Interestingly, clusterin taken up by the RPE cells to protect from oxidative stress-induced apoptosis showed no influence to cell viability and morphology of human RPE cells up to 20 μg/mL, equivalent to 20 times the effective therapeutic dose in other retinal cells ^11,12 and in ARPE-19 cells. Therefore, considering the absence of clusterin-induced retinal and systemic toxicity in the mice, ^11,12 clusterin could be safely applied to the in vivo model without toxicity. 
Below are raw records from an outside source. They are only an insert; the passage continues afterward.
(* Let $\tilde\tau\in(0,1/2)$ and $R=2^{[1-H(\tau')]N/2}$, where $\tau'=(\tau N-2)/(N-1)$. Let $\mathcal N_R$ be a neighborhood of radius $R$ centered at an arbitrary vertex, and let $A$ be the event that for every $v\in\mathcal N_R$, a $+1$ agent would be happy at the location of $v$ at time $0$. Then $P(A)\to1$ as $N\to\infty$.
   Context: Setting: $G_n$ is the $n\times n$ torus grid, $w$ is a positive integer, and $N=(2w+1)^2$. $\mathcal N(v)$ is the set of vertices within $\ell_\infty$ distance $w$ of $v$, and a neighborhood of radius $\rho$ is defined analogously. In the initial configuration (time $0$), each vertex holds an agent of type $\pm1$, independently with probability $1/2$ each. The intolerance is $\tau=\lceil\tilde\tau N\rceil/N$, and $H$ is the binary entropy function. ''A $+1$ agent would be happy at the location of $v$'' means: if the agent at $v$ were replaced by an agent of type $+1$, with all other agents unchanged, then at least a fraction $\tau$ of the agents in $\mathcal N(v)$ would be of type $+1$. *)

From Stdlib Require Import Reals ZArith.
From mathcomp Require Import all_boot.

Set Implicit Arguments.
Unset Strict Implicit.
Unset Printing Implicit Defensive.

Definition vert (n : nat) : Type := ('I_n * 'I_n)%type.

Definition cdist (n : nat) (a b : 'I_n) : nat :=
  minn ((a + n - b) %% n) ((b + n - a) %% n).

Definition tdist (n : nat) (u v : vert n) : nat :=
  maxn (cdist u.1 v.1) (cdist u.2 v.2).

(* Configurations: true = agent of type +1, false = agent of type -1. *)
Definition config (n : nat) := {ffun vert n -> bool}.

Definition nbhd (n w : nat) (v : vert n) : {set vert n} :=
  [set u | (tdist u v <= w)%N].

Definition Nsize (w : nat) : nat := ((2 * w + 1) ^ 2)%N.

Local Open Scope R_scope.

Definition Rle_b (x y : R) : bool := if Rle_dec x y then true else false.

Definition Rceil (x : R) : Z := (- Int_part (- x))%Z.

Definition tau (tt : R) (w : nat) : R :=
  IZR (Rceil (tt * INR (Nsize w))) / INR (Nsize w).

(* A +1 agent would be happy at the location of v: replacing the agent at v
   by a +1 agent, at least a fraction tau of the agents in N(v) are +1. *)
Definition happy_plus (n w : nat) (tt : R) (s : config n) (v : vert n) : bool :=
  Rle_b (tau tt w * INR #|nbhd w v|)
        (INR #|[set u in nbhd w v | (u == v) || s u]|).

(* Binary entropy (base 2). Note ln x = 0 for x <= 0 in Stdlib, so 0 log 0 = 0. *)
Definition log2 (x : R) : R := ln x / ln 2.
Definition Hbin (p : R) : R := - p * log2 p - (1 - p) * log2 (1 - p).

Definition tau' (tt : R) (w : nat) : R :=
  (tau tt w * INR (Nsize w) - 2) / (INR (Nsize w) - 1).

Definition Rrad (tt : R) (w : nat) : R :=
  Rpower 2 ((1 - Hbin (tau' tt w)) * INR (Nsize w) / 2).

Definition eventA (n w : nat) (tt : R) (v0 : vert n) (s : config n) : bool :=
  [forall v : vert n, Rle_b (INR (tdist v v0)) (Rrad tt w) ==> happy_plus w tt s v].

(* Probability under the uniform (i.i.d. fair) initial configuration. *)
Definition probA (n w : nat) (tt : R) (v0 : vert n) : R :=
  INR #|[set s : config n | eventA w tt v0 s]| / INR #|{: config n}|.

(* Union bound over the at most [(2R + 3)^2] sites of the radius-[R] ball.  A [+1]
   agent would be unhappy at [v] only if at most [k = tau N - 2] of the other
   [m = N - 1] agents of [N(v)] are [+1], which has probability
   [2^-m sum_(j <= k) C(m, j)].  Below the mean the binomial coefficients grow
   geometrically, so this tail is at most [(1 - tau~) / (1 - 2 tau~) C(m, k)], and
   Stirling's formula with explicit constants gives
   [C(m, k) <= 2^(m H(k/m)) sqrt(2 / k)].  As [tau' = k / m], the factor
   [R^2 = 2^((1 - H(k/m)) N)] cancels the entropy factor up to [2], so
   [P(not A) = O(1 / sqrt k) = O(1 / sqrt N)]. *)

From Stdlib Require Import Reals Lra Lia ZArith.
From mathcomp Require Import all_boot.
From Coquelicot Require Import Coquelicot.
From mathcomp Require Import zify.

Set Implicit Arguments.
Unset Strict Implicit.
Unset Printing Implicit Defensive.

Local Open Scope R_scope.

Lemma le_derive_nonneg (f f' : R -> R) (x : R) :
  0 <= x -> (forall c, 0 <= c <= x -> derivable_pt_lim f c (f' c)) ->
  (forall c, 0 <= c <= x -> 0 <= f' c) -> f 0 <= f x.
Proof.
move=> Hx Hd Hp; have [->|Hne] := Req_dec x 0; first lra.
have [c [Hc1 Hc2]] := MVT_cor2 f f' 0 x ltac:(lra) Hd.
have : 0 <= f' c by apply: Hp; lra.
nra.
Qed.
In summary, clusterin protects human RPE cells from H₂O₂-induced cell death, which is closely related to the inhibition of H₂O₂-induced ROS generation and to the suppression of caspase-3 activity. This survival effect of clusterin was regulated through the transduction mechanism involving the PI3K/Akt pathway, though the details require further investigation. Moreover, clusterin never demonstrated cytotoxicity to human RPE cells 20-fold over the effective therapeutic concentration. Based on this available evidence, we suggest that clusterin may protect human RPE cells from oxidative stress-induced cell death. Therefore, clusterin may play a special role in responding to the local redox environment of human RPE cells and may be considered as a therapeutic approach to AMD.